Por un camino obscuro y solitario
Embrujado por malos ángeles,
Donde un Eidolon llamado Noche,
Sobre un negro trono reina, rígida,
No he entrado sino ha poco en ese país
De retorno de una vaga Thule lejana,
De una salvaje región fantástica que se extiende, sublime,
Fuera del Espacio, fuera del Tiempo.
Valles sin fondo y olas sin límites,
Abismos y cavernas y florestas titánicas
Cuyas formas escapan a todo ojo humano,
Bajo las lágrimas de rocío que caen;
Montañas que se derrumban sin cesar
En mares sin orillas;
Mares que sin reposo aspiran
A levantarse hacia cielos de fuego;
Lagos que sin fin muestran
Sus aguas solitarias, tristes y muertas,
Sus tristes aguas, tristes y heladas
Bajo la nieve de los lirios languidescientes.
Cerca de lagos que muestran así
Sus aguas solitarias, solitarias y muertas,
Sus tristes aguas, tristes y heladas,
Bajo la nieve de los lirios languidescientes
Sobre montañas, a lo largo de los ríos
Que murmuran muy bajo, murmuran sin cesar,
Bajo los bosques grises, en los pantanos
Donde habitan el sapo y la salamandra,
Cerca de los charcos y de los estanques siniestros.
Donde moran los Vampiros,
En todos los lugares más malditos,
En todos los rincones más lúgubres,
El viajero encuentra, espantado,
Las Sombras veladas del Pasado,
Fantasmas en sus sudarios que se estremecen y suspiran,
Al pasar cerca del hombre errante,
Fantasmas vestidos de blanco de amigos que la agonía,
Ha desde ha tiempo devuelto a la Tierra y al Cielo
Para el corazón cuyos males son legión,
Es esa una apacible y consoladora región;
Para el alma que yerra en fantasma,
Hay allí, oh, hay allí un Eldorado.
    Es el ambiente de la pesadilla expresado por la primera vez de inaudita manera. Tiene razón Lauvrière, de recordar a este propósito al Shakespeare de Macbeth.
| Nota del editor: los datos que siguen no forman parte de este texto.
Lemma run_nonterminating j : C1_with_grad phi grad -> reached j -> ~ terminates j ->
  [/\ wi j @ \oo --> w j, Mstationary D grad (w j) &
      (fun i => enorm (gam tau g0 j i *: (w j - wi j i) + grad (wi j i) - grad (w j)))
        @ \oo --> 0].
Proof.
move=> phi_C1 rj stuck.
pose gm i := gam tau g0 j i.+1.
have tau_gt0 : 0 < tau := lt_trans ltr01 tau_gt1.
have gm_oo : gm @ \oo --> +oo.
  have -> : gm = (fun i => (geometric (g0 j)^-1 tau^-1 i)^-1).
    by apply/funext => i; rewrite /gm /gam /= invfM exprVn !invrK mulrC.
  apply/cvgrVy; first by apply: nearW => i; rewrite mulr_gt0 ?exprn_gt0 ?invr_gt0 ?run_g0_gt0.
  by apply: cvg_geometric; rewrite ger0_norm ?invr_ge0 ?ltW // invf_lt1.
have [q_cvg stat res_cvg] := nonterminating_inner_loop phi_C1 sigma01 (run_in_D rj)
  (fun i => run_gam_gt0 i.+1 rj) gm_oo (fun i => run_Qsol (i := i.+1) rj isT)
  (fun i => rejected_armijo_fails (fun acc => stuck (ex_intro _ i.+1 (conj isT acc)))).
by split => //; rewrite -cvg_shiftS.
Qed.

Section AllTerminate.
Hypothesis all_terminate : forall j, terminates j.

Let reached_all j : reached j := fun k _ => all_terminate k.

Let run_step j : [/\ (1 <= ij j)%N, accept j (ij j),
    (forall i, (1 <= i < ij j)%N -> ~ accept j i) & w j.+1 = wi j (ij j)].
Proof. by have [_ _ step] := run.2 j (@reached_all j); apply: step. Qed.
Lemma odiag_msub_undo Q P a b : Orth Q -> Orth P ->
  mmul (mmul (mtr Q) (msub (odiag Q a) (odiag P b))) P =
  fun i j => (a i - b j) * mmul (mtr Q) P i j.
Proof.
  intros HQ HP.
  assert (Ea : mmul (mmul (mtr Q) (odiag Q a)) P = mmul (diag a) (mmul (mtr Q) P)).
  { unfold odiag; rewrite !mmul_assoc, <- (mmul_assoc (mtr Q) Q), HQ, mmul_mid_l; auto. }
  assert (Eb : mmul (mmul (mtr Q) (odiag P b)) P = mmul (mmul (mtr Q) P) (diag b)).
  { unfold odiag; rewrite !mmul_assoc, HP, mmul_mid_r; auto. }
  replace (mmul (mmul (mtr Q) (msub (odiag Q a) (odiag P b))) P)
    with (msub (mmul (mmul (mtr Q) (odiag Q a)) P) (mmul (mmul (mtr Q) (odiag P b)) P))
    by mat_ring.
  rewrite Ea, Eb; clear; mat_ext; mat_unfold; simpl; ring.
Qed.

(* In the common frame [W = Q^T P] the entries of the difference scale entrywise, by
   [d i - e j] resp. [ln (d i) - ln (e j)]; the rotations back cost a factor 9 each. *)
Lemma odiag_ln_lipschitz Q P d e c : Orth Q -> Orth P -> 0 < c ->
  (forall i, c <= d i) -> (forall i, c <= e i) ->
  mnorm (msub (odiag Q (fun i => ln (d i))) (odiag P (fun i => ln (e i)))) <=
  81 / c * mnorm (msub (odiag Q d) (odiag P e)).
Proof.
  intros HQ HP Hc Hd He.
  set (W := mmul (mtr Q) P).
  set (X := mmul (mmul (mtr Q) (msub (odiag Q (fun i => ln (d i))) (odiag P (fun i => ln (e i))))) P).
  set (Y := mmul (mmul (mtr Q) (msub (odiag Q d) (odiag P e))) P).
  assert (HXY : mnorm X <= / c * mnorm Y).
  { unfold X, Y; rewrite !odiag_msub_undo by auto; fold W; unfold mnorm.
    replace (/ c * _) with (sum3 (fun i => sum3 (fun j => / c * Rabs ((d i - e j) * W i j))))
      by (unfold sum3; ring).
    apply sum3_le; intro i; apply sum3_le; intro j.
    rewrite !Rabs_mult, <- Rmult_assoc; apply Rmult_le_compat_r; [apply Rabs_pos|].
    pose proof (ln_lipschitz (d i) (e j) c Hc (Hd i) (He j)); unfold Rdiv in *; lra. }
  assert (HX : msub (odiag Q (fun i => ln (d i))) (odiag P (fun i => ln (e i)))
               = mmul (mmul Q X) (mtr P)).
  { unfold X; rewrite <- !mmul_assoc, orth_mmul_mtr, mmul_mid_l, mmul_assoc, orth_mmul_mtr,
      mmul_mid_r; auto. }
  assert (HY : mnorm Y <= 9 * mnorm (msub (odiag Q d) (odiag P e))).
  { unfold Y; rewrite <- (mtr_mtr P) at 2; apply mnorm_orth_sandwich_le; apply orth_mtr; auto. }
  rewrite HX; eapply Rle_trans; [apply mnorm_orth_sandwich_le; auto|].
  assert (0 < / c) by (apply Rinv_0_lt_compat; auto).
  unfold Rdiv; nra.
Qed.
Lemma cauchy_schwarz u v : \sum_i u i 0 * v i 0 <= norm2 u * norm2 v.
Proof.
set b := \sum_i u i 0 * v i 0.
have [b_le0|b_gt0] := lerP b 0.
  by apply: le_trans b_le0 _; rewrite mulr_ge0 ?norm2_ge0.
have quad x : 0 <= x ^+ 2 * norm2 u ^+ 2 + 2 * x * b + norm2 v ^+ 2.
  suff -> : x ^+ 2 * norm2 u ^+ 2 + 2 * x * b + norm2 v ^+ 2
            = \sum_i (x * u i 0 + v i 0) ^+ 2.
    by apply: sumr_ge0 => i _; exact: sqr_ge0.
  rewrite !norm2_sqr /b !mulr_sumr -!big_split /=.
  by apply: eq_bigr => i _; ring.
rewrite -(ger0_norm (ltW b_gt0)) -sqrtr_sqr /norm2 -sqrtrM ?sum_sqr_ge0 //.
rewrite ler_sqrt ?mulr_ge0 ?sum_sqr_ge0 // -!norm2_sqr.
have [u0|u_neq0] := eqVneq (norm2 u) 0.
  have := quad (- (norm2 v ^+ 2 + 1) / (2 * b)); rewrite u0.
  have -> : 2 * (- (norm2 v ^+ 2 + 1) / (2 * b)) * b = - (norm2 v ^+ 2 + 1).
    by field; rewrite gt_eqF.
  lra.
have u_gt0 : 0 < norm2 u ^+ 2 by rewrite exprn_gt0 // lt_def u_neq0 norm2_ge0.
have := quad (- b / norm2 u ^+ 2).
have -> : (- b / norm2 u ^+ 2) ^+ 2 * norm2 u ^+ 2 + 2 * (- b / norm2 u ^+ 2) * b
          + norm2 v ^+ 2 = norm2 v ^+ 2 - b ^+ 2 / norm2 u ^+ 2.
  by field.
by rewrite subr_ge0 ler_pdivrMr // mulrC.
Qed.

Lemma ler_norm2D u v : norm2 (u + v) <= norm2 u + norm2 v.
Proof.
have cs := cauchy_schwarz u v.
rewrite -(ger0_norm (addr_ge0 (norm2_ge0 u) (norm2_ge0 v))) -sqrtr_sqr.
rewrite ler_sqrt ?sqr_ge0 // sqrrD !norm2_sqr.
have -> : \sum_i (u + v) i 0 ^+ 2
          = \sum_i u i 0 ^+ 2 + 2 * \sum_i u i 0 * v i 0 + \sum_i v i 0 ^+ 2.
  by rewrite mulr_sumr -!big_split /=; apply: eq_bigr => i _; rewrite mxE; ring.
rewrite -!norm2_sqr -mulr_natl; lra.
Qed.

Lemma ler_norm2B_trans u v w : norm2 (u - w) <= norm2 (u - v) + norm2 (v - w).
Proof. by apply: le_trans (ler_norm2D _ _); rewrite addrA subrK. Qed.

Lemma norm2_le_sum_abs v : norm2 v <= \sum_i `|v i 0|.
Proof.
have s_ge0 : 0 <= \sum_i `|v i 0| by apply: sumr_ge0 => i _; exact: normr_ge0.
rewrite /norm2 -(ger0_norm s_ge0) -sqrtr_sqr ler_sqrt ?sqr_ge0 //.
rewrite expr2 mulr_suml; apply: ler_sum => i _.
rewrite -real_normK ?num_real // expr2; apply: ler_wpM2l => //.
by rewrite (bigD1 i) //= lerDl; apply: sumr_ge0 => j _; exact: normr_ge0.
Qed.

End EuclideanNorm.

Section LebesgueDilation.
Context {R : realType}.
Local Notation mu := (@lebesgue_measure R).
Local Open Scope classical_set_scope.

Lemma lebesgue_measure_dilation (c : R) (A : set R) : 0 < c -> measurable A ->
  mu A = (c%:E * mu ((fun x : R => (x * c)%R) @^-1` A))%E.
Proof.
move=> c_gt0 mA.
unshelve epose (img := pushforward mu ((fun x : R => x * c) : R -> measurableTypeR R)
  : {measure set (measurableTypeR R) -> \bar R}); first exact: mulrr_measurable.
pose dilated := mscale (NngNum (ltW c_gt0)) img.
suff -> : mu A = dilated A by [].
apply: lebesgue_measure_unique mA => _ [[a b] _ <-].
rewrite /dilated /img /mscale /pushforward /=.
change (mu `]a, b] = c%:E * mu ((fun x => (x * c)%R) @^-1` `]a, b]))%E.
have -> : (fun x => x * c) @^-1` `]a, b]%classic = `](a / c), (b / c)]%classic.
  by apply/seteqP; split => x /=; rewrite !in_itv /= ltr_pdivrMr // ler_pdivlMr.
rewrite !lebesgue_measure_itv /= !lte_fin.
rewrite ltr_pM2r ?invr_gt0 //; case: ifP => _; last by rewrite mule0.
by rewrite -EFinD -EFinM -mulrBl mulrCA mulfV ?gt_eqF ?mulr1.
Qed.

Lemma ae_dilate (c : R) (P : R -> Prop) : 0 < c ->
  {ae mu, forall t, P t} -> {ae mu, forall t, P (t * c)}.
Proof.
move=> c_gt0 [N [mN N0 PN]].
have mpre : measurable ((fun x => x * c) @^-1` N).
  by rewrite -[X in measurable X]setTI; exact: mulrr_measurable.
exists ((fun x => x * c) @^-1` N); split => //; last by move=> x /PN.
move: N0; rewrite (lebesgue_measure_dilation c_gt0 mN) => /eqP.
by rewrite mule_eq0 eqe gt_eqF //= => /eqP.
Qed.

End LebesgueDilation.

Lemma is_derive_dilate {R : realType} (f : R -> R) (r t D : R) : 0 < r ->
  is_derive (t / r) 1 f D -> is_derive t 1 (fun u => r * f (u / r)) D.
Proof.
move=> r_gt0 fD.
have idD : is_derive t (1 : R) (fun u : R => r^-1 *: u) r^-1.
  by rewrite -[X in is_derive _ _ _ X]mulr1; exact: is_deriveZ.
have compD : is_derive t 1 (f \o (fun u => r^-1 *: u)) (D / r).
  by apply: (is_derive1_comp _ idD); move: fD; rewrite mulrC.
have rD : r *: (D / r) = D.
  by change (r * (D / r) = D); rewrite mulrCA mulfV ?gt_eqF ?mulr1.
suff -> : (fun u => r * f (u / r)) = r \*: (f \o (fun u => r^-1 *: u)).
  by rewrite -rD; exact: is_deriveZ.
by apply/funext => u; rewrite [u / r]mulrC.
Qed.

Lemma abs_cont_Rplus_dilate {R : realType} {n : nat} (f : R -> 'cV[R]_n) (r : R) :
  0 < r -> abs_cont_Rplus f -> abs_cont_Rplus (fun u => r *: f (u / r)).
Proof.
move=> r_gt0 fac b b_ge0 e e_gt0.
have [d d_gt0 fd] :=
  fac (b / r) (divr_ge0 b_ge0 (ltW r_gt0)) (e / r) (divr_gt0 e_gt0 r_gt0).
exists (d * r); first exact: mulr_gt0.
move=> m u v uv_itv vu_sorted uv_len.
have ler_div x z : (x / r <= z / r) = (x <= z) by rewrite ler_pM2r ?invr_gt0.
have fsum : \sum_(k < m) norm2 (f (v k / r) - f (u k / r)) < e / r.
  apply: (fd m (fun k => u k / r) (fun k => v k / r)).
  - move=> k km; have [ub [uv vb]] := uv_itv k km.
    by rewrite !ler_div uv vb divr_ge0 // ltW.
  - by move=> k km; rewrite ler_div; apply: vu_sorted.
  - rewrite -(ltr_pM2r r_gt0) mulr_suml.
    by under eq_bigr do rewrite -mulrBl mulfVK ?gt_eqF //.
under eq_bigr do rewrite -scalerBr norm2Z ?(ltW r_gt0) //.
by rewrite -mulr_sumr -ltr_pdivlMl // mulrC.
Qed.

Section FluidDilation.
Context {R : realType} {n : nat} (Rm : 'M[R]_n) (S : seq 'cV[R]_n) (w : 'cV[R]_n).

Lemma wscoreZ (c : R) x mu : wscore Rm w (c *: x) mu = c * wscore Rm w x mu.
Proof. by rewrite /wscore linearZ /= -!scalemxAl mxE. Qed.

Lemma in_SwZ (c : R) x mu : 0 < c -> in_Sw Rm S w x mu -> in_Sw Rm S w (c *: x) mu.
Proof.
by move=> c_gt0 [muS mu_max]; split=> // nu /mu_max; rewrite !wscoreZ ler_pM2l.
Qed.

Lemma fluid_solution_dilate lam q (r : R) : 0 < r -> fluid_solution Rm S w lam q ->
  fluid_solution Rm S w lam (fun u => r *: q (u / r)).
Proof.
move=> r_gt0 [qac [q_ge0 [s [y [s_itv [y_ge0 q_ae]]]]]].
have div_ge0 t : 0 <= t -> 0 <= t / r by move=> t_ge0; rewrite divr_ge0 // ltW.
split; [exact: abs_cont_Rplus_dilate | split].
  by move=> t /div_ge0/q_ge0 qt i; rewrite mxE mulr_ge0 // ltW.
exists (fun mu t => s mu (t / r)), (fun t => y (t / r)); split; [|split].
- by move=> mu t /div_ge0; apply: s_itv.
- by move=> t /div_ge0; apply: y_ge0.
have rV_gt0 : 0 < r^-1 by rewrite invr_gt0.
have := ae_dilate rV_gt0 q_ae.
apply: (filterS (Filter := ae_filter_ringOfSetsType _)) => t qt /div_ge0/qt.
move=> [q_deriv s_sum1 y_le q_pos s_opt]; split => //.
- move=> i; under eq_fun do rewrite mxE; exact: is_derive_dilate.
- by move=> i; rewrite mxE pmulr_rgt0 //; apply: q_pos.
- by move=> mu muS mu_nopt; apply: s_opt => // /(in_SwZ r_gt0).
Qed.

End FluidDilation.

Lemma norm2_telescope {R : realType} {n : nat} (u : nat -> 'cV[R]_n) (B : R) :
  (forall t, norm2 (u t.+1 - u t) <= B) ->
  forall k m, (k <= m)%N -> norm2 (u m - u k) <= B * (m - k)%:R.
Proof.
move=> u_jump k m km; move: (m - k)%N (subnKC km) => d <-.
elim: d => [|d IHd]; first by rewrite addn0 subrr mulr0 norm2_0.
apply: le_trans (ler_norm2B_trans _ (u (k + d)%N) _) _.
by rewrite addnS -natr1 mulrDr mulr1 addrC lerD.
Qed.

Lemma exists_argmax_seq {T : eqType} {R : realDomainType} (f : T -> R) (s : seq T) :
  s != [::] -> exists2 x, x \in s & forall y, y \in s -> f y <= f x.
Proof.
elim: s => [//|a [|b s] IH] _.
  by exists a => [|y]; rewrite ?mem_head // inE => /eqP ->.
have [x xs x_max] := IH isT.
have [fa_le|fx_lt] := lerP (f a) (f x).
  exists x => [|y]; first by rewrite inE xs orbT.
  by rewrite inE => /predU1P[->|/x_max].
exists a => [|y]; first exact: mem_head.
by rewrite inE => /predU1P[->//|/x_max fy]; apply: le_trans fy (ltW fx_lt).
Qed.

Section WMWProcess.
Context {R : realType} {n : nat} (Rm : 'M[R]_n) (S : seq 'cV[R]_n) (w : 'cV[R]_n).

Lemma wmw_process_exists (A : nat -> 'cV[R]_n) (Q0 : 'cV[R]_n) :
  S != [::] -> nonneg Q0 -> exists Q, wmw_process Rm S w A Q /\ Q 0%N = Q0.
Proof.
move=> S_neq0 Q0_ge0.
have /choice[pick pickP] : forall x, exists mu, in_Sw Rm S w x mu.
  move=> x; have [mu muS mu_max] := exists_argmax_seq (wscore Rm w x) S_neq0.
  by exists mu.
pose fix Q t := if t is t'.+1
  then Q t' + A t' + (Rm - 1%:M) *m minv (pick (Q t')) (Q t') else Q0.
by exists Q; split => //; split => //; exists (fun t => pick (Q t)).
Qed.

Hypothesis net : network Rm S.

Definition service_bound : R := \sum_(nu <- S) \sum_j nu j 0.

Definition jump_bound : R := service_bound * \sum_i (\sum_j Rm i j + 1).

Lemma service_le_bound mu j : mu \in S -> mu j 0 <= service_bound.
Proof.
have [_ S_uniq S_ge0 _] := net; move=> muS.
rewrite /service_bound (bigD1_seq mu) //=.
apply: le_trans (_ : \sum_(k < n) mu k 0 <= _).
  by rewrite (bigD1 j) //= lerDl sumr_ge0 // => k _; exact: S_ge0.
rewrite lerDl big_seq_cond sumr_ge0 // => nu /andP[nuS _].
by apply: sumr_ge0 => k _; exact: S_ge0.
Qed.

Lemma jump_bound_ge0 : 0 <= jump_bound.
Proof.
have [R_ge0 _ S_ge0 _] := net.
have bound_ge0 : 0 <= service_bound.
  rewrite /service_bound big_seq sumr_ge0 // => nu nuS.
  by apply: sumr_ge0 => j _; exact: S_ge0.
rewrite mulr_ge0 // sumr_ge0 // => i _.
by rewrite addr_ge0 // sumr_ge0.
Qed.

Lemma minv_bounds (mu Q : 'cV[R]_n) i : 0 <= mu i 0 -> 0 <= Q i 0 ->
  [/\ 0 <= minv mu Q i 0, minv mu Q i 0 <= mu i 0 & minv mu Q i 0 <= Q i 0].
Proof. by move=> mu_ge0 Q_ge0; rewrite mxE le_min !ge_min !lexx orbT mu_ge0. Qed.

Lemma norm2_routing_le (m mu : 'cV[R]_n) : mu \in S ->
  (forall j, 0 <= m j 0 <= mu j 0) -> norm2 ((Rm - 1%:M) *m m) <= jump_bound.
Proof.
have [R_ge0 _ _ _] := net; move=> muS m_itv.
have m_le_bound j : m j 0 <= service_bound.
  by have /andP[_ m_le] := m_itv j; apply: le_trans m_le (service_le_bound _ muS).
apply: le_trans (norm2_le_sum_abs _) _; rewrite /jump_bound mulr_sumr.
apply: ler_sum => i _; rewrite mulmxBl mul1mx !mxE mulrDr mulr1 mulr_sumr.
apply: le_trans (ler_normB _ _) _; apply: lerD.
  rewrite ger0_norm; last first.
    by apply: sumr_ge0 => j _; case/andP: (m_itv j) => *; rewrite mulr_ge0.
  by apply: ler_sum => j _; rewrite [leRHS]mulrC; exact: ler_wpM2l.
by case/andP: (m_itv i) => m_ge0 _; rewrite ger0_norm.
Qed.

Variables (A Q : nat -> 'cV[R]_n).
Hypotheses (A_ge0 : forall t, nonneg (A t)) (Q_wmw : wmw_process Rm S w A Q).

Lemma wmw_process_nonneg t : nonneg (Q t).
Proof.
have [R_ge0 _ S_ge0 _] := net; have [Q0_ge0 [mu Q_step]] := Q_wmw.
elim: t => [//|t IHt] i; have [[muS _] ->] := Q_step t.
have m_bounds j := minv_bounds (S_ge0 _ muS j) (IHt j).
move: (minv (mu t) (Q t)) m_bounds => m m_bounds.
have routed_ge0 : 0 <= \sum_j Rm i j * m j 0.
  by apply: sumr_ge0 => j _; case: (m_bounds j) => *; rewrite mulr_ge0.
have [_ _ m_le] := m_bounds i; have := A_ge0 t i.
rewrite mulmxBl mul1mx !mxE; lra.
Qed.

Lemma wmw_jump_le t : norm2 (Q t.+1 - Q t) <= norm2 (A t) + jump_bound.
Proof.
have [_ _ S_ge0 _] := net; have [_ [mu Q_step]] := Q_wmw.
have [[muS _] ->] := Q_step t; rewrite [_ - Q t]addrC !addrA addNr add0r.
apply: le_trans (ler_norm2D _ _) _; rewrite lerD2l.
apply: (norm2_routing_le muS) => j.
by have [-> m_le _] := minv_bounds (S_ge0 _ muS j) (wmw_process_nonneg t j).
Qed.

End WMWProcess.
Lemma fin_presented_th_union {k} {K0 : valuation_class} :
  vanishing k K0 -> (forall n, vanishing k (K n)) ->
  fin_presented (V_L L) (lindenbaum (th_cong L K0)) ->
  (forall p q, th L K0 p q -> th_union p q) ->
  exists n, forall p q, th L K0 p q -> th L (K n) p q.
Proof.
move=> K0van Kvan [gs [E [gs_gen gsE gs_univ]]] K0_union.
have [m HE] : exists m, forall pq, List.In pq E ->
    th L (K m) (subst (gen_rep gs) pq.1) (subst (gen_rep gs) pq.2).
  apply: exists_uniform_bound => [m1 m2 pq /th_mono|pq /gsE]; first exact.
  by rewrite !aeval_gen_rep => /cls_th_eq /K0_union.
have [n Hvar] : exists n, forall i, List.In i (iota 0 k) ->
    exists2 r, aeval (val_of gs) r = cls _ (Var i) & th L (K n) (subst (gen_rep gs) r) (Var i).
  apply: exists_uniform_bound => [n1 n2 i n12 [r Er Hr]|i _].
    by exists r; last exact: th_mono n12 Hr.
  have [r Er] := gs_gen (cls _ (Var i)).
  have [n Hn] : th_union (subst (gen_rep gs) r) (Var i).
    by apply/K0_union/cls_th_eq; rewrite -aeval_gen_rep.
  by exists n, r.
exists (maxn m n); apply: (presentation_cong_sub (R' := th_cong L (K (maxn m n))) k _ _ gs_univ).
- exact: th_Var_Bot K0van.
- exact: th_Var_Bot (Kvan _).
- by move=> pq /HE; apply: th_mono (leq_maxl m n).
- by move=> i /(In_iota 0) /Hvar [r Er Hr]; exists r; last exact: th_mono (leq_maxr m n) Hr.
Qed.

End DirectedUnion.

Section FrameAlgebra.
Context {W : finType} (R : rel W).

Definition frame_box (X : {set W}) : {set W} := [set w | [forall u, R w u ==> (u \in X)]].

Lemma frame_box_setT : frame_box setT = setT.
Proof. by apply/setP => w; rewrite !inE; apply/forallP => u; rewrite inE implybT. Qed.

Lemma frame_box_setI X Y : frame_box (X :&: Y) = frame_box X :&: frame_box Y.
Proof.
apply/setP => w; rewrite !inE; apply/forallP/andP => [XYw|[/forallP Xw /forallP Yw] u].
  by split; apply/forallP => u; move: (XYw u); rewrite inE; case: (R w u) => //= /andP[].
by rewrite inE; move: (Xw u) (Yw u); case: (R w u) => //= -> ->.
Qed.

Lemma setUKI (X Y : {set W}) : X :|: X :&: Y = X.
Proof. by rewrite setIC setKI. Qed.

Lemma setIKU (X Y : {set W}) : X :&: (X :|: Y) = X.
Proof. by rewrite setUC setKU. Qed.

Definition frame_algebra : modalAlgebra :=
  ModalAlgebra (@setUC W) (@setIC W) (@setUA W) (@setIA W) setUKI setIKU (@setIUr W)
    (@setUIr W) (@set0U W) (@setTI W) (@setUCr W) (@setICr W) frame_box_setT frame_box_setI.
Canonical frame_algebra.

Lemma frame_aeval (V : nat -> W -> bool) p w :
  w \in aeval (A := frame_algebra) (fun i => [set u | V i u]) p <-> ksat R V w p.
Proof.
elim: p w => /= [i|||p IHp|p IHp q IHq|p IHp q IHq|p IHp q IHq|p IHp] w; rewrite ?inE //.
- by rewrite -IHp; split=> /negP.
- by rewrite -IHp -IHq; split=> /andP.
- by rewrite -IHp -IHq; split=> /orP.
- by rewrite -IHp -IHq -implybE; split=> /implyP.
- split=> [/forallP Xw u Rwu|Hw]; first by apply/IHp; exact: implyP (Xw u) Rwu.
  by apply/forallP => u; apply/implyP => /Hw /IHp.
Qed.

Lemma frame_algebra_V_L (L : fm -> Prop) :
  (forall p, L p -> frame_valid R p) -> V_L L frame_algebra.
Proof.
move=> valid p Lp v; apply/setP => w; rewrite inE.
have -> : aeval v p = aeval (fun i => [set u | u \in v i]) p.
  by apply: aeval_ext => i; apply/setP => u; rewrite inE.
by apply/frame_aeval/valid.
Qed.

End FrameAlgebra.

Section Chain.
Context {W : finType} (R : rel W).
Hypothesis R_chain : is_chain R.

Definition rank (w : W) : nat := #|[set u | R u w & u != w]|.

Lemma rank_lt {u w} : R u w -> u != w -> rank u < rank w.
Proof.
have [R_trans R_anti _] := R_chain.
move=> Ruw uw; apply: proper_card; apply/properP; split.
  apply/subsetP => v; rewrite !inE => /andP [Rvu vu].
  have vw : v != w by apply: contra_neq uw => vw; subst v; apply: R_anti; rewrite ?Ruw ?Rvu orbT.
  by rewrite vw andbT; move: (R_trans v u w); rewrite Rvu Ruw !orbT (negbTE vw); apply.
by exists u; rewrite !inE ?eqxx ?Ruw ?uw ?andbF.
Qed.

Lemma rank_neq_lt {u w} : u != w -> (rank u < rank w) || (rank w < rank u).
Proof.
have [_ _ R_total] := R_chain.
move=> uw; have [/orP [/eqP uw'|Ruw]|/orP [/eqP wu|Rwu]] := R_total u w.
- by rewrite uw' eqxx in uw.
- by rewrite rank_lt.
- by rewrite wu eqxx in uw.
- by rewrite (rank_lt Rwu) ?orbT // eq_sym.
Qed.

Lemma rank_inj : injective rank.
Proof.
by move=> u w ruw; apply/eqP/negPn/negP => /rank_neq_lt; rewrite ruw ltnn.
Qed.

Lemma lt_rank_R {u w} : rank u < rank w -> R u w.
Proof.
have [_ _ R_total] := R_chain.
move=> ruw; have [/orP [/eqP uw|//]|/orP [/eqP wu|Rwu]] := R_total u w;
  try by subst; rewrite ltnn in ruw.
have wu : w != u by apply: contraTneq ruw => ->; rewrite ltnn.
by have := rank_lt Rwu wu; lia.
Qed.

Lemma rank_lt_card w : rank w < #|W|.
Proof.
rewrite -(cardsT W); apply: proper_card; apply/properP; split; first exact: subsetT.
by exists w; rewrite !inE ?eqxx ?andbF.
Qed.

Lemma rank_onto k : k < #|W| -> exists w, rank w = k.
Proof.
move=> kW; pose f w : 'I_#|W| := Ordinal (rank_lt_card w).
have f_inj : injective f by move=> u w /(congr1 val) /rank_inj.
have [w /(congr1 val) /= kw] := codomP (inj_card_onto f_inj (eq_leq (card_ord _)) (Ordinal kW)).
by exists w.
Qed.

Definition even_rank : {set W} := [set w | ~~ odd (rank w)].
Definition odd_rank : {set W} := [set w | odd (rank w)].

Local Notation t X := (tt3 (A := frame_algebra R) X even_rank odd_rank).
Local Notation t_iter k := (titer (A := frame_algebra R) k set0 even_rank odd_rank).

Definition rank_up (X : {set W}) : Prop :=
  forall w u, w \in X -> rank w <= rank u -> u \in X.

Lemma frame_box_up (X : {set W}) : rank_up (frame_box R X).
Proof.
move=> w u Xw; rewrite leq_eqVlt => /orP [/eqP /rank_inj <-//|wu].
move: Xw; rewrite !inE => /forallP Xw.
apply/forallP => v; apply/implyP => Ruv; apply: implyP (Xw v) _; apply: lt_rank_R.
have [<-//|uv] := eqVneq u v; exact: ltn_trans wu (rank_lt Ruv uv).
Qed.

Lemma frame_box_rank_bound (X : {set W}) (b : bool) l : l <= #|W| ->
  (forall u, u \in X -> (odd (rank u) == b) || (l <= rank u)) ->
  forall w, w \in frame_box R X -> l <= rank w + 2.
Proof.
move=> lW Xb w; rewrite inE => /forallP Xw; rewrite leqNgt; apply/negP => wl.
have succ_parity i : 0 < i <= 2 -> odd (rank w + i) == b.
  move=> hi; have [u ru] := rank_onto (rank w + i) ltac:(lia).
  have /(implyP (Xw u)) /Xb : R w u by apply: lt_rank_R; lia.
  by rewrite ru leqNgt (_ : rank w + i < l) ?orbF //; lia.
move: (succ_parity 1 isT) (succ_parity 2 isT); rewrite !oddD /= addbT addbF => /eqP <-.
by case: (odd (rank w)).
Qed.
   Otro reino de sueño es el que aparece en "The Haunted Palace", cuya descripción, sobre todo en el original inglés, transporta al arcánico mundo de los ojos cerrados. Lo propio que en "The Conqueror Worm", cuyo "drama abigarrado" contiene en su intriga "mucho de Locura, todavía más de Pecado y de Horror". En "To one in Paradise", nos hablará de que todos sus días son éxtasis.
Y todos mis sueños nocturnos
Están allí, donde lucen tus ojos grises,
Donde brilla la huella de tus pasos,
¡Y qué danzas etéreas
Cerca de qué ondas eternas!
    En "The Raven" advierte al comienzo en que aquella noche estaba cabeceando, casi dormido, sobre el libro viejo, cuando oyó que tocaron a la puerta del cuarto. Y cuando se asoma a las tinieblas de la puerta, largo rato está allí pensando, dudando, "soñando sueños que ningún mortal se atrevió todavía nunca a soñar". Y desde luego el cuervo es un pájaro de sueño. País de encanto sómnico es también el reino cerca del mar en donde vivía Annabel Lee, "In the kingdom by the sea..." ¿Y el de "Ulalume"?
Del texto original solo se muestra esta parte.